EXHIBIT 10.16
THIS NOTE HAS NOT BEEN REGISTERED UNDER THE SECURITIES ACT OF 1933, AS AMENDED
(THE "ACT"), OR UNDER ANY APPLICABLE STATE OR FEDERAL SECURITIES LAW. NO OFFER,
SALE, TRANSFER, PLEDGE, HYPOTHECATION OR OTHER DISPOSITION OF THIS NOTE MAY BE
MADE WITHOUT THE PRIOR WRITTEN CONSENT OF THE MAKER OF THIS NOTE, AND, IF SUCH
CONSENT IS GIVEN, UNLESS THE NOTE IS REGISTERED UNDER THE ACT AND ANY OTHER
APPLICABLE SECURITIES LAW,OR AN EXEMPTION FROM ANY SUCH REGISTRATION
REQUIREMENTS IS APPLICABLE TO SUCH TRANSACTION. THE PAYMENTS TO BE MADE UNDER
THIS NOTE ARE SUBJECT TO ANY COUNTERCLAIM, ANY RIGHT OF SET-OFF, ANY RIGHT OF
RECOUPMENT OR ANY OTHER CLAIM THAT THE MAKER OF THIS NOTE MAY HAVE AGAINST ANY
HOLDER OR ANY PRIOR HOLDER OF THIS NOTE, WHENEVER ARISING.
NON-NEGOTIABLE
PROMISSORY NOTE
Amount: $89,640 Date: August 8, 1997
1. General. FOR VALUE RECEIVED, Xxxxxxx X. Xxxxxx ("Maker") promises to
pay to the order of DA INTERNATIONAL, INC. ("Payee"), at 00000 X.X. Xxxxxxx,
Xxxxx 000 Xxxxxxx, Xxxxx 00000, or at such other place as may be designated in
writing by Payee, the principal sum of Eighty Nine Thousand Six Hundred Forty
Dollars ($89,640) (the "Principal Amount") in a single payment on the earlier to
occur of (a) the closing of a public offering of the Payee's shares of common
stock, (b) the closing of a transaction for the sale of substantially all of
Payee's assets to an independent third party, or (c) June 30, 2001. Interest on
the outstanding Principal Amount shall accrue at a rate per annum equal to the
Prime Rate (as defined below) plus 0.25%, in arrears, and shall be payable on or
before the first day of each calendar quarter beginning on October 1, 1997. As
used in this Note, "Prime Rate" shall mean, for each calendar quarter, the prime
rate of interest as listed in The Wall Street Journal for the first business day
of such calendar quarter. Notwithstanding anything to the contrary contained in
this Note, the effective rate of interest under this Note shall not exceed the
lesser of ten percent (10%) or the maximum rate of interest permitted from time
to time by applicable law or regulation. Amounts received by Payee in excess of
such highest rate of interest shall be considered reductions to principal to the
extent of such excess.
2. Prepayment. This Note may be prepaid in full or in part without
premium or penalty. Any such prepayments shall first be applied against accrued
interest and thereafter against any unpaid Principal Amount.

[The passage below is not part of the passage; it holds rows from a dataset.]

Lemma Phi_odd_inj x y n : Phi f x (S (2 * n)) = Phi f y (S (2 * n)) ->
  forall i, (i <= n)%nat -> x i = y i.
Proof.
  rewrite !Phi_odd. intros Hf i Hi.
  apply f_inj in Hf; [|now rewrite length_map, length_seq..].
  assert (Hnth : forall z : nat -> Om, nth i (map z (seq 0 (S n))) (x 0%nat) = z i).
  { intros z. rewrite (nth_indep _ _ (z 0%nat)) by (rewrite length_map, length_seq; lia).
    now rewrite map_nth, seq_nth by lia. }
  now rewrite <- (Hnth x), <- (Hnth y), Hf.
Qed.
End Interleave.

Lemma unordered_pair_eq_of_prefixes {A : Type} (x y u v : nat -> A) n : x n <> y n ->
  (forall j, (n <= j)%nat ->
     (forall i, (i <= j)%nat -> x i = u i /\ y i = v i) \/
     (forall i, (i <= j)%nat -> x i = v i /\ y i = u i)) ->
  (x = u /\ y = v) \/ (x = v /\ y = u).
Proof.
  intros Hne Hcase.
  destruct (Hcase n (le_n n)) as [Hn|Hn]; [left|right]; split;
    apply functional_extensionality; intros i;
    destruct (Hcase (Nat.max i n) (Nat.le_max_r i n)) as [Hj|Hj];
    solve [apply Hj; lia
          | exfalso; apply Hne;
            destruct (Hn n (le_n n)), (Hj n (Nat.le_max_r i n)); congruence].
Qed.

Section GaugeMetric.
Variables (Om : Type) (Q : nat -> R) (k : nat) (T : R -> Prop).
Variables (r : nat -> Om -> Om -> R) (mu : nat -> nat).
Hypothesis Q_onto : forall x, 0 <= x -> is_rat x -> exists i, Q i = x.
Hypothesis Q_mu : forall m, Q (mu m) = INR m.
Hypothesis mu_least : forall m i, INR m <= Q i < INR m + 1 -> (mu m <= i)%nat.
Hypothesis mu_lt : forall m, (mu m < mu (S m))%nat.
Hypothesis r_gauge : gauge_system T r.

Let Hlam := lam_super_halving k.

Lemma r_eq0 m x y : r m x y = 0 <-> x = y.
Proof. apply r_gauge. Qed.

Lemma r_sym m x y : r m x y = r m y x.
Proof. apply r_gauge. Qed.

Lemma r_range m x y : x <> y -> INR m < r m x y < INR m + 1.
Proof. intros Hxy. apply r_gauge; auto. Qed.

Lemma r_rigid m : strongly_rigid (r m).
Proof. apply r_gauge. Qed.

Lemma r_zero_or_range m x y : r m x y = 0 \/ INR m < r m x y < INR m + 1.
Proof.
  destruct (classic (x = y)) as [<-|Hxy]; [left; now apply r_eq0|right; now apply r_range].
Qed.

Definition Jidx (X Y : nat -> Om) (m i : nat) : bool := inJ m (r m (X m) (Y m)) (Q i).

Lemma Jidx_band X Y m i : Jidx X Y m i = true -> INR m <= Q i < INR m + 1.
Proof.
  unfold Jidx. rewrite inJ_iff. pose proof (r_zero_or_range m (X m) (Y m)).
  pose proof (pos_INR m). lra.
Qed.

Lemma Jidx_ge_mu X Y m i : Jidx X Y m i = true -> (mu m <= i)%nat.
Proof. intros Hi. apply mu_least, (Jidx_band X Y m i Hi). Qed.

Lemma Jidx_ge X Y m i : Jidx X Y m i = true -> (m <= i)%nat.
Proof.
  intros Hi. pose proof (strict_mono_ge_id mu mu_lt m). pose proof (Jidx_ge_mu X Y m i Hi). lia.
Qed.

Lemma Jidx_disjoint X Y m m' i : Jidx X Y m i = true -> Jidx X Y m' i = true -> m = m'.
Proof.
  intros Hm Hm'.
  exact (INR_floor_unique m m' (Q i) (Jidx_band _ _ _ _ Hm) (Jidx_band _ _ _ _ Hm')).
Qed.

Lemma Jidx_mu X Y m : X m <> Y m -> Jidx X Y m (mu m) = true.
Proof.
  intros Hne. unfold Jidx. rewrite Q_mu, inJ_iff. pose proof (r_range m _ _ Hne). lra.
Qed.

Lemma Jidx_eq X Y m i : X m = Y m -> Jidx X Y m i = false.
Proof.
  intros Heq. destruct (Jidx X Y m i) eqn:E; auto.
  unfold Jidx in E. rewrite inJ_iff, Heq, (proj2 (r_eq0 m (Y m) (Y m)) eq_refl) in E.
  pose proof (pos_INR m). lra.
Qed.

Lemma is_series_Lambda X Y :
  is_series (fun m => wsum (lam k) (Jidx X Y m)) (wsum (lam k) (bigcup (Jidx X Y))).
Proof. apply is_series_wsum_bigcup; [exact Hlam|apply Jidx_ge|apply Jidx_disjoint]. Qed.

Lemma Lambda_wsum X Y : Lambda Q k r X Y = wsum (lam k) (bigcup (Jidx X Y)).
Proof. apply is_series_unique, is_series_Lambda. Qed.

Lemma Lambda_sym X Y : Lambda Q k r X Y = Lambda Q k r Y X.
Proof.
  apply Series_ext. intros m. unfold LambdaM. now rewrite r_sym.
Qed.

Lemma Lambda_le_of_agree X Y n : (forall m, (m < n)%nat -> X m = Y m) ->
  Lambda Q k r X Y <= 2 * lam k n.
Proof.
  intros Hagree. rewrite Lambda_wsum. apply (wsum_tail_le Hlam).
  intros i Hi. apply bigcupP in Hi as [m Hm]; [|apply Jidx_ge].
  destruct (Nat.lt_ge_cases m n) as [Hlt|Hge].
  - now rewrite Jidx_eq in Hm by auto.
  - pose proof (Jidx_ge _ _ _ _ Hm). lia.
Qed.

Lemma Lambda_ge X Y m : X m <> Y m -> lam k (mu m) <= Lambda Q k r X Y.
Proof.
  intros Hne. rewrite Lambda_wsum. apply (wsum_ge_single Hlam).
  apply bigcupP; [apply Jidx_ge|]. exists m. now apply Jidx_mu.
Qed.

Lemma Lambda_diag X : Lambda Q k r X X = 0.
Proof.
  rewrite Lambda_wsum. apply wsum_eq0. intros i.
  destruct (bigcup (Jidx X X) i) eqn:E; auto.
  apply bigcupP in E as [m Hm]; [|apply Jidx_ge]. now rewrite Jidx_eq in Hm.
Qed.

(* A nonempty band [J(m, _)] starts at index [mu m], so its weight lies in
   [[lam (mu m), 2 lam (mu m)]]: it weighs at most as much as two nonempty ones. *)
Lemma wsum_Jidx_triangle X Y Z m : wsum (lam k) (Jidx X Z m) <=
  wsum (lam k) (Jidx X Y m) + wsum (lam k) (Jidx Y Z m).
Proof.
  pose proof (wsum_ge0 Hlam (Jidx X Y m)). pose proof (wsum_ge0 Hlam (Jidx Y Z m)).
  destruct (classic (X m = Y m)) as [Exy|Exy].
  - unfold Jidx at 1 3. rewrite Exy. lra.
  - destruct (classic (Y m = Z m)) as [Eyz|Eyz].
    + unfold Jidx at 1 2. rewrite Eyz. lra.
    + pose proof (wsum_tail_le Hlam (Jidx X Z m) (mu m) (Jidx_ge_mu X Z m)).
      pose proof (wsum_ge_single Hlam _ _ (Jidx_mu X Y m Exy)).
      pose proof (wsum_ge_single Hlam _ _ (Jidx_mu Y Z m Eyz)). lra.
Qed.

Lemma Lambda_triangle X Y Z :
  Lambda Q k r X Z <= Lambda Q k r X Y + Lambda Q k r Y Z.
Proof.
  rewrite !Lambda_wsum, <- !(is_series_unique _ _ (is_series_Lambda _ _)).
  rewrite <- Series_plus by (eexists; apply is_series_Lambda).
  apply Series_le.
  - intros m. split; [apply (wsum_ge0 Hlam)|apply wsum_Jidx_triangle].
  - eexists. apply (is_series_plus _ _ _ _ (is_series_Lambda X Y) (is_series_Lambda Y Z)).
Qed.

Lemma inJ_separates m t t' : (t = 0 \/ INR m < t < INR m + 1) -> INR m < t' -> t < t' ->
  exists i, inJ m t' (Q i) = true /\ inJ m t (Q i) = false.
Proof.
  intros Ht Ht' Hlt. pose proof (pos_INR m).
  assert (Hq : forall q, INR m <= q -> t <= q < t' -> inJ m t' q = true /\ inJ m t q = false).
  { intros q Hmq Hq. split; [apply inJ_iff; lra|].
    apply Bool.not_true_is_false. rewrite inJ_iff. lra. }
  destruct Ht as [->|Ht].
  - exists (mu m). rewrite Q_mu. apply Hq; lra.
  - destruct (rat_between t t' Hlt) as [q [Hq' Hrat]].
    destruct (Q_onto q ltac:(lra) Hrat) as [i Hi].
    exists i. rewrite Hi. apply Hq; lra.
Qed.

Lemma r_eq_of_Jidx X Y U V m : (forall i, Jidx X Y m i = Jidx U V m i) ->
  r m (X m) (Y m) = r m (U m) (V m).
Proof.
  intros HJ. pose proof (pos_INR m).
  pose proof (r_zero_or_range m (X m) (Y m)) as Hxy.
  pose proof (r_zero_or_range m (U m) (V m)) as Huv.
  destruct (Rtotal_order (r m (X m) (Y m)) (r m (U m) (V m))) as [Hlt|[Heq|Hlt]];
    auto; exfalso.
  - assert (Hm : INR m < r m (U m) (V m)) by (destruct Hxy, Huv; lra).
    destruct (inJ_separates m _ _ Hxy Hm Hlt) as [i [E1 E2]].
    specialize (HJ i). unfold Jidx in HJ. congruence.
  - assert (Hm : INR m < r m (X m) (Y m)) by (destruct Hxy, Huv; lra).
    destruct (inJ_separates m _ _ Huv Hm Hlt) as [i [E1 E2]].
    specialize (HJ i). unfold Jidx in HJ. congruence.
Qed.

Lemma Jidx_eq_of_bigcup X Y U V :
  (forall i, bigcup (Jidx X Y) i = bigcup (Jidx U V) i) ->
  forall m i, Jidx X Y m i = Jidx U V m i.
Proof.
  assert (Hsub : forall X' Y' U' V' m i,
    (forall i, bigcup (Jidx X' Y') i = bigcup (Jidx U' V') i) ->
    Jidx X' Y' m i = true -> Jidx U' V' m i = true).
  { intros X' Y' U' V' m i HU Hm.
    assert (Hc : bigcup (Jidx U' V') i = true)
      by (rewrite <- HU; apply bigcupP; [apply Jidx_ge|eauto]).
    apply bigcupP in Hc as [m' Hm']; [|apply Jidx_ge].
    now rewrite (INR_floor_unique m m' (Q i) (Jidx_band _ _ _ _ Hm) (Jidx_band _ _ _ _ Hm')). }
  intros HU m i.
  destruct (Jidx X Y m i) eqn:E1, (Jidx U V m i) eqn:E2; auto.
  - now rewrite (Hsub X Y U V m i HU E1) in E2.
  - now rewrite (Hsub U V X Y m i (fun j => eq_sym (HU j)) E2) in E1.
Qed.

Lemma Lambda_eq_r_eq X Y U V : Lambda Q k r X Y = Lambda Q k r U V ->
  forall m, r m (X m) (Y m) = r m (U m) (V m).
Proof.
  intros HL m. apply r_eq_of_Jidx, Jidx_eq_of_bigcup, (wsum_inj Hlam).
  now rewrite <- !Lambda_wsum.
Qed.

Variable f : nat -> list Om -> Om.

Lemma tLambda_ge x y n : x n <> y n -> lam k (mu (2 * n)) <= tLambda Q k r f x y.
Proof. intros Hne. apply Lambda_ge. now rewrite !Phi_even. Qed.
Lemma ex_series_geom_bound (a : nat -> R) C r :
  0 <= r < 1 -> (forall n, Rabs (a n) <= C * r ^ n) -> ex_series a.
Proof.
  intros Hr Ha. apply (ex_series_Rle _ _ Ha), ex_series_Rmult_l, ex_series_geom.
  rewrite Rabs_pos_eq; lra.
Qed.

Lemma Series_ge0 (a : nat -> R) : ex_series a -> (forall n, 0 <= a n) -> 0 <= Series a.
Proof.
  intros Ha Hpos.
  replace 0 with (Series (fun n => 0 * a n)) by (rewrite Series_scal_l; ring).
  apply Series_le; trivial. intros n. specialize (Hpos n). lra.
Qed.

Lemma partial_sum_le_Series (a : nat -> R) N :
  ex_series a -> (forall n, 0 <= a n) -> sum_f_R0 a N <= Series a.
Proof.
  intros Ha Hpos. rewrite (Series_incr_n a (S N)); [|lia|trivial]. simpl pred.
  assert (0 <= Series (fun k => a (S N + k)%nat)).
  { apply Series_ge0; auto. apply ex_series_shift, Ha. }
  lra.
Qed.

Lemma term_le_Series (a : nat -> R) N :
  ex_series a -> (forall n, 0 <= a n) -> a N <= Series a.
Proof.
  intros Ha Hpos. eapply Rle_trans; [|apply (partial_sum_le_Series a N Ha Hpos)].
  destruct N; simpl; [lra|]. pose proof (cond_pos_sum a N Hpos). lra.
Qed.

Lemma Series_shift_le (a : nat -> R) k :
  ex_series a -> (forall n, 0 <= a n) -> Series (fun n => a (k + n)%nat) <= Series a.
Proof.
  intros Ha Hpos. destruct k as [|k].
  - right. apply Series_ext. reflexivity.
  - rewrite (Series_incr_n a (S k)); [|lia|trivial]. simpl pred.
    pose proof (cond_pos_sum a k Hpos). lra.
Qed.
(* There are infinitely many SP twins, i.e. infinitely many natural numbers $m$ such that both $m$ and $m+1$ are SP numbers.
   Context: A Square-Prime (SP) number is a positive integer of the form $p a^2$ where $p$ is a prime and $a \ge 2$ is a natural number (i.e. $a \neq 1$). An SP twin is a pair of consecutive natural numbers $m, m+1$ that are both SP numbers (e.g. $27 = 3\cdot 9$ and $28 = 7 \cdot 4$). *)

From mathcomp Require Import all_boot.
Set Implicit Arguments. Unset Strict Implicit. Unset Printing Implicit Defensive.

Definition SP (n : nat) : Prop :=
  exists p a : nat, prime p /\ 2 <= a /\ n = p * a ^ 2.

Definition SP_twin (m : nat) : Prop := SP m /\ SP m.+1.

(* The pairs 3x^2, 7y^2 with 7y^2 - 3x^2 = 1 are SP twins.  This generalised Pell
   equation has the solution (x, y) = (3, 2), and multiplying y√7 + x√3 by the unit
   55 + 12√21 of Z[√21] maps solutions to strictly larger ones. *)
From mathcomp Require Import all_boot zify.

Lemma SP_prime_mul_sqr p a : prime p -> 2 <= a -> SP (p * a ^ 2).
Proof. by move=> p_pr a_ge2; exists p, a. Qed.

Definition twin_pell (x y : nat) : Prop := 7 * y ^ 2 = 3 * x ^ 2 + 1.

Lemma twin_pell_step x y : twin_pell x y ->
  twin_pell (55 * x + 84 * y) (36 * x + 55 * y).
Proof. by rewrite /twin_pell; nia. Qed.

Lemma twin_pell_unbounded n : exists x y, n <= x /\ twin_pell x y.
Proof.
elim: n => [|n [x [y [le_nx sol_xy]]]]; first by exists 3, 2.
have y_gt0 : 0 < y by move: sol_xy; rewrite /twin_pell; nia.
exists (55 * x + 84 * y), (36 * x + 55 * y).
by split; [lia | exact: twin_pell_step].
Qed.

Lemma SP_twin_of_twin_pell x y : 2 <= x -> twin_pell x y -> SP_twin (3 * x ^ 2).
Proof.
move=> x_ge2 sol_xy; have y_ge2 : 2 <= y by move: sol_xy; rewrite /twin_pell; nia.
split; first exact: SP_prime_mul_sqr.
by rewrite -addn1 -sol_xy; apply: SP_prime_mul_sqr.
Qed.

Theorem mainTheorem4 : forall N : nat, exists m : nat, N <= m /\ SP_twin m.
Proof.
move=> N; have [x [y [le_x sol_xy]]] := twin_pell_unbounded (maxn N 2).
exists (3 * x ^ 2); split; first nia.
by apply: SP_twin_of_twin_pell sol_xy; lia.
Qed.
(* Let $D(\mathbf x)\in\mathbb F^k[\mathbf x]$ have a cone-closed basis. Then $D$ is $(k+1)$-cone concentrated and $(\lg 2k)$-support concentrated.
   Context: For $D\in\mathbb F^k[\mathbf x]$, $\mathrm{lrsp}(D)$ is the span of its coefficient vectors in $\mathbb F^k$. A set of monomials is cone-closed if it contains all submonomials ($\mathbf x^{\mathbf e'}$ with $\mathbf e'\le\mathbf e$ coordinatewise) of each of its elements; $D$ has a cone-closed basis if some cone-closed set of monomials has coefficients forming a basis of $\mathrm{lrsp}(D)$. The cone-size of $\mathbf x^{\mathbf e}$ is $\prod_i(e_i+1)$; its support size is the number of $i$ with $e_i>0$. $D$ is $\ell$-cone concentrated (resp. $\ell$-support concentrated) if the coefficients of the monomials of cone-size $<\ell$ (resp. support size $<\ell$) span $\mathrm{lrsp}(D)$. *)

From HB Require Import structures.
From mathcomp Require Import all_boot all_order all_algebra.
Set Implicit Arguments. Unset Strict Implicit. Unset Printing Implicit Defensive.
Import GRing.Theory.
Local Open Scope ring_scope.

(* Monomials x^e in n variables, represented by exponent vectors e : 'I_n -> nat. *)
Definition mon (n : nat) := {ffun 'I_n -> nat}.

(* A polynomial D in F^k[x_1..x_n] is a coefficient map D : mon n -> 'rV[F]_k
   together with a finite list s of monomials outside of which D vanishes. *)
Definition supported_in (F : fieldType) (n k : nat)
  (D : mon n -> 'rV[F]_k) (s : seq (mon n)) : Prop :=
  forall e, e \notin s -> D e = 0.

Definition lrsp (F : fieldType) (n k : nat) (D : mon n -> 'rV[F]_k) (s : seq (mon n)) :=
  (\sum_(e <- s) <<D e>>)%MS.

Definition span_coef (F : fieldType) (n k : nat) (D : mon n -> 'rV[F]_k)
  (s : seq (mon n)) (P : pred (mon n)) :=
  (\sum_(e <- s | P e) <<D e>>)%MS.

Definition submon (n : nat) (e' e : mon n) : bool := [forall i, e' i <= e i]%N.

Definition cone_closed (n : nat) (B : seq (mon n)) : Prop :=
  forall e e', e \in B -> submon e' e -> e' \in B.

Definition coef_basis (F : fieldType) (n k : nat) (D : mon n -> 'rV[F]_k)
  (s : seq (mon n)) (B : seq (mon n)) : Prop :=
  [/\ uniq B,
      row_free (\matrix_(i < size B) D (nth [ffun=> 0%N] B i)) &
      (\matrix_(i < size B) D (nth [ffun=> 0%N] B i) == lrsp D s)%MS].

Definition has_cone_closed_basis (F : fieldType) (n k : nat)
  (D : mon n -> 'rV[F]_k) (s : seq (mon n)) : Prop :=
  exists B : seq (mon n), cone_closed B /\ coef_basis D s B.

Definition cone_size (n : nat) (e : mon n) : nat := (\prod_(i < n) (e i).+1)%N.
Definition supp_size (n : nat) (e : mon n) : nat := #|[pred i | 0 < e i]%N|.

Definition cone_concentrated (F : fieldType) (n k : nat) (D : mon n -> 'rV[F]_k)
  (s : seq (mon n)) (l : nat) : Prop :=
  (span_coef D s (fun e => cone_size e < l)%N == lrsp D s)%MS.

(* support size < lg(2k)  <=>  2^(support size) < 2k  (support size is an integer) *)
Definition support_concentrated_lg2k (F : fieldType) (n k : nat)
  (D : mon n -> 'rV[F]_k) (s : seq (mon n)) : Prop :=
  (span_coef D s (fun e => 2 ^ supp_size e < 2 * k)%N == lrsp D s)%MS.

(* A cone-closed basis B contains the whole cone below each of its monomials,
   and it has at most k elements since its coefficient vectors are independent
   in F^k; hence every monomial of B has cone size at most k.  As each variable
   in the support contributes a factor at least 2 to the cone size, such a
   monomial also has 2^(support size) <= k < 2k.  The coefficients of the
   monomials of B already span lrsp(D), so both kinds of concentration follow. *)
From HB Require Import structures.
From mathcomp Require Import all_boot all_order all_algebra.
From mathcomp Require Import zify.

Set Implicit Arguments.
Unset Strict Implicit.
Unset Printing Implicit Defensive.

Section SeqSums.

Variables (F : fieldType) (k : nat) (T : eqType) (A : T -> 'rV[F]_k).

Lemma sumsmx_seq_filter_sub (s : seq T) (P : pred T) :
  (\sum_(e <- s | P e) <<A e>> <= \sum_(e <- s) <<A e>>)%MS.
Proof.
elim: s => [|x s IH]; rewrite ?big_nil ?big_cons //.
case: (P x); first exact: addsmxS.
exact: submx_trans IH (addsmxSr _ _).
Qed.

Lemma sumsmx_seq_sup (s : seq T) (P : pred T) x :
  x \in s -> P x -> (A x <= \sum_(e <- s | P e) <<A e>>)%MS.
Proof.
move=> xs Px; elim: s xs => [|y s IH] //; rewrite inE big_cons => /orP [/eqP <-|xs].
  by rewrite Px; apply: submx_trans (addsmxSl _ _); rewrite genmxE.
case: (P y); last exact: IH.
exact: submx_trans (IH xs) (addsmxSr _ _).
Qed.

End SeqSums.

Lemma card_ord_leq (M a : nat) :
  (a < M)%N -> #|[pred j : 'I_M | (j <= a)%N]| = a.+1.
Proof.
move=> aM; rewrite -[a.+1]card_ord -(@card_codom _ _ (widen_ord aM)).
  apply: eq_card => j; rewrite inE; apply/idP/codomP => [ja|[x ->] /=].
    by exists (Ordinal (ja : j < a.+1)%N); apply: val_inj.
  by rewrite -ltnS.
by move=> x y /(congr1 val) /= /val_inj.
Qed.

(* The cone of e is enumerated by the functions 'I_n -> 'I_N.+1 bounded by e,
   with N the largest exponent of e. *)
Lemma cone_size_leq_size (n : nat) (B : seq (mon n)) (e : mon n) :
  cone_closed B -> e \in B -> (cone_size e <= size B)%N.
Proof.
move=> ccB eB; set N := (\max_(i < n) e i)%N.
pose below := fun i : 'I_n => [pred j : 'I_N.+1 | (j <= e i)%N].
pose to_mon := fun f : {ffun 'I_n -> 'I_N.+1} => [ffun i => val (f i)] : mon n.
have to_mon_inj : injective to_mon.
  move=> f1 f2 /ffunP eqf; apply/ffunP=> i; apply: val_inj.
  by have := eqf i; rewrite !ffunE.
have -> : cone_size e = #|(family below : simpl_pred {ffun 'I_n -> 'I_N.+1})|.
  rewrite card_family /cone_size /image_mem -big_enum /= enumT.
  elim: (Finite.enum _) => [|i r IH] /=; rewrite ?big_nil ?big_cons ?IH //.
  by rewrite card_ord_leq // ltnS (leq_bigmax i).
rewrite cardE -(size_map to_mon).
apply: uniq_leq_size; first by rewrite (map_inj_uniq to_mon_inj) enum_uniq.
move=> m /mapP [f]; rewrite mem_enum => /familyP below_f ->.
by apply: (ccB e) => //; apply/forallP => i; rewrite ffunE; apply: below_f.
Qed.

Lemma exp2_supp_size_leq_cone_size (n : nat) (e : mon n) :
  (2 ^ supp_size e <= cone_size e)%N.
Proof.
rewrite /supp_size /cone_size -prod_nat_const big_mkcond /=.
by apply: leq_prod => i _; rewrite inE; case: (e i).
Qed.

Section ConeClosedBasis.

Variables (F : fieldType) (n k : nat) (D : mon n -> 'rV[F]_k) (s : seq (mon n)).
Hypothesis suppD : supported_in D s.
Variable B : seq (mon n).
Hypothesis basisB : coef_basis D s B.

Lemma coef_basis_size_leq : (size B <= k)%N.
Proof. by case: basisB => _ /eqP <- _; apply: rank_leq_col. Qed.

Lemma coef_basis_span_coef (P : pred (mon n)) :
  {in B, forall e, P e} -> (span_coef D s P == lrsp D s)%MS.
Proof.
move=> PB; apply/andP; split; first exact: sumsmx_seq_filter_sub.
case: basisB => _ _ /andP [_ lrsp_sub]; apply: submx_trans lrsp_sub _.
apply/row_subP => i; rewrite rowK.
have biB : nth [ffun=> 0%N] B i \in B by rewrite mem_nth.
have [bis | bi_notin_s] := boolP (nth [ffun=> 0%N] B i \in s).
  exact: sumsmx_seq_sup bis (PB _ biB).
by rewrite suppD // sub0mx.
Qed.

End ConeClosedBasis.

Theorem lemma4p1 (F : fieldType) (n k : nat) (D : mon n -> 'rV[F]_k) (s : seq (mon n)) :
  supported_in D s ->
  has_cone_closed_basis D s ->
  cone_concentrated D s k.+1 /\ support_concentrated_lg2k D s.
Proof.
move=> suppD [B [ccB basisB]].
have cone_leq_k e : e \in B -> (cone_size e <= k)%N.
  move=> eB; apply: leq_trans (coef_basis_size_leq basisB).
  exact: cone_size_leq_size.
split; apply: (coef_basis_span_coef suppD basisB) => e eB.
  by rewrite ltnS cone_leq_k.
have exp_leq_k := leq_trans (exp2_supp_size_leq_cone_size e) (cone_leq_k e eB).
have := expn_gt0 2 (supp_size e); lia.
Qed.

3. Default. In the event of a default in payment of principal or
interest under this Note, the entire outstanding principal amount of this Note,
plus interest thereon, will become immediately due and payable upon written
demand by Payee. A "default in payment" is defined as any payment required to be
made under this Note that is not made within fifteen (15) days of the due date,
which payment remains unpaid for fifteen (15) days after Maker's receipt of
written notice from Payee thereof. Maker hereby waives presentment, protest,
notice of protest, and notice of dishonor.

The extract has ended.